06/23/2025
The Work That Changed Me—Through Horses
I thought I understood bodywork.
Touch here. Stretch that. Cue sigh of relief and noble head tilt.
But something shifted.
Not in my hands.
Not in my technique.
In me.
Because this work especially with horses It doesn’t just teach you what to notice.
It teaches you how to listen to things that don’t make noise.
Like how stillness isn’t always peace.
Sometimes it’s a body holding tension like a secret it never learned how to tell.
(And wow, does that hit close to home.)
I used to hunt down tight spots like a pirate chasing buried fascia.
Now I ask:
What’s being guarded?
What’s been rehearsed so many times, the horse doesn’t even know it’s bracing anymore?

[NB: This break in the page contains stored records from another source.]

(* For any two $X$-trees $T_1$ and $T_2$, one has $\mathbb{M}(T_1)=\mathbb{M}(T_2)$ if and only if $T_1\simeq T_2$.
   Context: Let $X$ be a finite set with $|X|=n\ge 3$. An $X$-tree is a finite tree $T=(V,E)$ whose set of degree-1 vertices is exactly $X$ and which has no vertices of degree $2$; $T_1\simeq T_2$ means there is a graph isomorphism $T_1\to T_2$ fixing every element of $X$. A cord is a $2$-subset $xy$ of $X$. For each cord $xy$, $\lambda^T_{xy}:\mathbb{R}^E\to\mathbb{R}$, $\omega\mapsto\sum_{e\in E(x|y)}\omega(e)$ where $E(x|y)$ is the edge set of the path from $x$ to $y$. $\mathbb{M}(T)$ is the matroid on ground set $\binom{X}{2}$ represented over $\mathbb{R}$ by $xy\mapsto\lambda^T_{xy}$ (i.e. a set of cords is independent iff the corresponding forms are linearly independent). Equality of matroids means equality of their collections of independent sets on the common ground set $\binom{X}{2}$. *)

From HB Require Import structures.
From mathcomp Require Import all_boot all_order all_algebra.
Set Implicit Arguments. Unset Strict Implicit. Unset Printing Implicit Defensive.
Import Order.TTheory GRing.Theory Num.Theory.

Record Xtree (X : finType) := XTree {
  V : finType;
  adj : rel V;
  adj_sym : symmetric adj;
  adj_irr : irreflexive adj;
  adj_conn : forall u v : V, connect adj u v;
  adj_acyc : forall s : seq V, 2 < size s -> uniq s -> ~~ cycle adj s;
  leaf : X -> V;
  leaf_inj : injective leaf;
  leaf_deg1 : forall v : V, (#|[pred w | adj v w]| == 1) = (v \in codom leaf);
  no_deg2 : forall v : V, #|[pred w | adj v w]| != 2
}.

Arguments adj {X} x _ _ : rename.
Arguments leaf {X} x _ : rename.

Section XtreeDefs.
Variable X : finType.

Definition edges (T : Xtree X) : {set {set V T}} :=
  [set e : {set V T} | [exists u : V T, exists v : V T, adj T u v && (e == [set u; v])]].

Definition edge (T : Xtree X) := {e : {set V T} | e \in edges T}.

Definition walk_edges (T : Xtree X) (x : V T) (p : seq (V T)) : {set {set V T}} :=
  [set e | has (fun uv : V T * V T => e == [set uv.1; uv.2]) (zip (x :: p) p)].

(* E(x|y): edges on a simple path from x to y (in a tree this path is unique;
   simple paths have fewer than #|V| steps). *)
Definition pathE (T : Xtree X) (x y : V T) : {set {set V T}} :=
  [set e | [exists k : 'I_#|V T|, exists p : k.-tuple (V T),
             [&& path (adj T) x p, last x p == y, uniq (x :: p)
               & e \in walk_edges x p]]].

(* The linear form lambda^T_c : R^E -> R associated with a cord c = {x,y}:
   sum of omega(e) over e in E(x|y). *)
Definition lam (R : realFieldType) (T : Xtree X) (c : {set X})
  (w : {ffun edge T -> R}) : R :=
  (\sum_(e : edge T | [exists x in c, exists y in c,
                         val e \in pathE (leaf T x) (leaf T y)]) w e)%R.

Definition cords : {set {set X}} := [set c : {set X} | #|c| == 2].

(* A set S of cords is independent in M(T) iff the forms lam_c, c in S,
   are linearly independent over R. *)
Definition indep (R : realFieldType) (T : Xtree X) (S : {set {set X}}) : Prop :=
  forall coef : {set X} -> R,
    (forall w : {ffun edge T -> R}, (\sum_(c in S) coef c * lam c w = 0)%R) ->
    forall c, c \in S -> coef c = 0%R.

Definition matroid_eq (R : realFieldType) (T1 T2 : Xtree X) : Prop :=
  forall S : {set {set X}}, S \subset cords -> (indep R T1 S <-> indep R T2 S).

Definition xtree_iso (T1 T2 : Xtree X) : Prop :=
  exists f : V T1 -> V T2,
    [/\ bijective f,
        forall u v, adj T2 (f u) (f v) = adj T1 u v
      & forall x, f (leaf T1 x) = leaf T2 x].

End XtreeDefs.

From HB Require Import structures.
From mathcomp Require Import all_boot all_order all_algebra lra.
Set Implicit Arguments. Unset Strict Implicit. Unset Printing Implicit Defensive.
Import GRing.Theory.

(* Deleting an edge pq splits T in two; [side p q z] says that z lies on p's
   side.  Any two splits are compatible, which makes T a median graph: x, y, z
   have a unique median, the vertex on the majority side of every split.
   Every vertex is the median of three leaves, and adjacency of two vertices
   can be described by medians of leaves alone ([median_edge]).

   The form of a cord xy sums the edge weights over the edges splitting x
   from y.  For four distinct leaves the cords ac, bd, ad, bc are independent
   iff some edge separates a from b and c from d, iff the medians of a, b, c
   and of a, b, d differ (four-point test).  So equal matroids have the same
   four-point coincidences among leaf medians, and an exchange property of
   medians reduces every coincidence of leaf medians to these.  Hence
   median(a, b, c) in T1 |-> median(a, b, c) in T2 is a well-defined injection
   preserving leaves and adjacency; injections in both directions yield a
   bijection that also reflects adjacency.  Conversely an isomorphism fixing
   the leaves preserves every split, hence every linear dependency. *)

Lemma connect_sub_from (T : finType) (e e' : rel T) x y :
  (forall u v, connect e x u -> e u v -> e' u v) ->
  connect e x y -> connect e' x y.
Proof.
move=> sub /connectP [s pth ->]; apply/connectP; exists s => //.
elim: s x pth sub => [|z s IH] x //= /andP [exz pth] sub.
rewrite (sub x z (connect0 _ _) exz) /=; apply: IH => // u v xu; apply: sub.
exact: connect_trans (connect1 exz) xu.
Qed.

Section Splits.
Variables (X : finType) (T : Xtree X).
Local Notation V := (V T).
Local Notation adj := (adj T).

Lemma adjC x y : adj x y = adj y x. Proof. exact: adj_sym. Qed.

Lemma adj_neq x y : adj x y -> x != y.
Proof. by apply: contraTneq => ->; rewrite adj_irr. Qed.

Definition same_edge (p q r s : V) :=
  ((r == p) && (s == q)) || ((r == q) && (s == p)).

Lemma same_edgeC p q r s : same_edge p q r s = same_edge q p r s.
Proof. by rewrite /same_edge orbC. Qed.

Lemma same_edge_sym p q r s : same_edge p q r s = same_edge r s p q.
Proof.
by rewrite /same_edge (eq_sym r p) (eq_sym s q) (eq_sym r q) (eq_sym s p) [(q == r) && _]andbC.
Qed.

Lemma same_edge_rev p q r s : same_edge p q r s = same_edge p q s r.
Proof.
by rewrite /same_edge orbC; case: (r == p); case: (s == q); case: (r == q); case: (s == p).
Qed.

Definition cut (p q : V) : rel V := fun x y => adj x y && ~~ same_edge p q x y.
Definition side (p q z : V) : bool := connect (cut p q) p z.

Lemma cut_sym p q : symmetric (cut p q).
Proof. by move=> x y; rewrite /cut adjC same_edge_rev. Qed.

Lemma cutC p q : cut p q =2 cut q p.
Proof. by move=> x y; rewrite /cut same_edgeC. Qed.

Lemma side_refl p q : side p q p.
Proof. exact: connect0. Qed.

Lemma side_cut p q y z : connect (cut p q) y z -> side p q y = side p q z.
Proof.
move=> yz; apply/idP/idP => [py|pz]; first exact: connect_trans py yz.
by apply: connect_trans pz _; rewrite (sym_connect_sym (@cut_sym p q)).
Qed.

Lemma side_edge p q r s : adj r s -> ~~ same_edge p q r s -> side p q r = side p q s.
Proof. by move=> ars ne; apply: side_cut; apply: connect1; rewrite /cut ars. Qed.

Lemma side_swap p q z : side q p z = connect (cut p q) q z.
Proof. exact: (eq_connect (@cutC q p)). Qed.

(* Deleting an edge disconnects its ends: a p-q path avoiding pq closes a cycle. *)
Lemma side_far p q : adj p q -> ~~ side p q q.
Proof.
move=> apq; apply/negP => /connectP [s pth lst].
move: lst; case: (shortenP pth) => s' pth' uq _ lst'.
have pa : path adj p s' by apply: sub_path pth' => x y /andP [].
case: s' pth' uq lst' pa => [|z [|z2 s3]] pth' uq lst' pa.
- by move: apq; rewrite /= in lst'; rewrite -lst' adj_irr.
- by rewrite /= in lst'; move: pth'; rewrite /= -lst' /cut apq /same_edge !eqxx.
apply: (negP (adj_acyc (s := p :: z :: z2 :: s3) _ uq)) => //.
by rewrite /cycle rcons_path pa /=; move: lst' => /= <-; rewrite adjC.
Qed.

Some horses melt the second your hand lands—
like they’ve been waiting for someone who doesn’t ask too much too soon.
Others?
They read your energy like a résumé.
And if you pass the vibe check, they might offer a single breath as a peace offering.
Maybe.
And release?
It doesn’t show up like a fireworks display.
Sometimes it’s a tail that stops flicking.
Sometimes it’s the absence of something that’s always been there.
You feel it in your own breath before you see it in theirs.
(Unless you’re holding your breath too. Ask me how I know.)
I used to think bodywork was about doing something to a horse.
Now I’m convinced most of the time, they’re working on me.
Subtle. Quiet. Incredibly patient teachers in 1,200-pound bodies.
This isn’t about fixing.
It’s about permission.
It’s about showing up so calm they stop checking for danger
and so honest they don’t mistake you for it.
Stillness, I’ve learned, isn’t something you give a horse.
It’s what they give you when they decide you’re not interrupting the conversation they’re having with their own body.
And sometimes, they wait you out.
Not because they’re stubborn because they’re smart.
They’ve seen us coming in hot with good intentions and busy minds.
And they know better.
Every session now feels like a conversation in a language I’m only starting to understand.
The muscle shifts, the weight transfers, the blink that lasts half a second too long it all means something.
You just have to shut up long enough to notice.
And sometimes…
I forget that.
Still try to rush the moment. Still mistake quiet for progress.
And then the horse blinks slowly like, “You done?”
I never am. But I try.
So I’ll leave you with this:
When was the last time your horse let go... before you asked them to?
Did you feel it?
Or were you too busy narrating your own good intentions to feel the grace already unfolding beside you?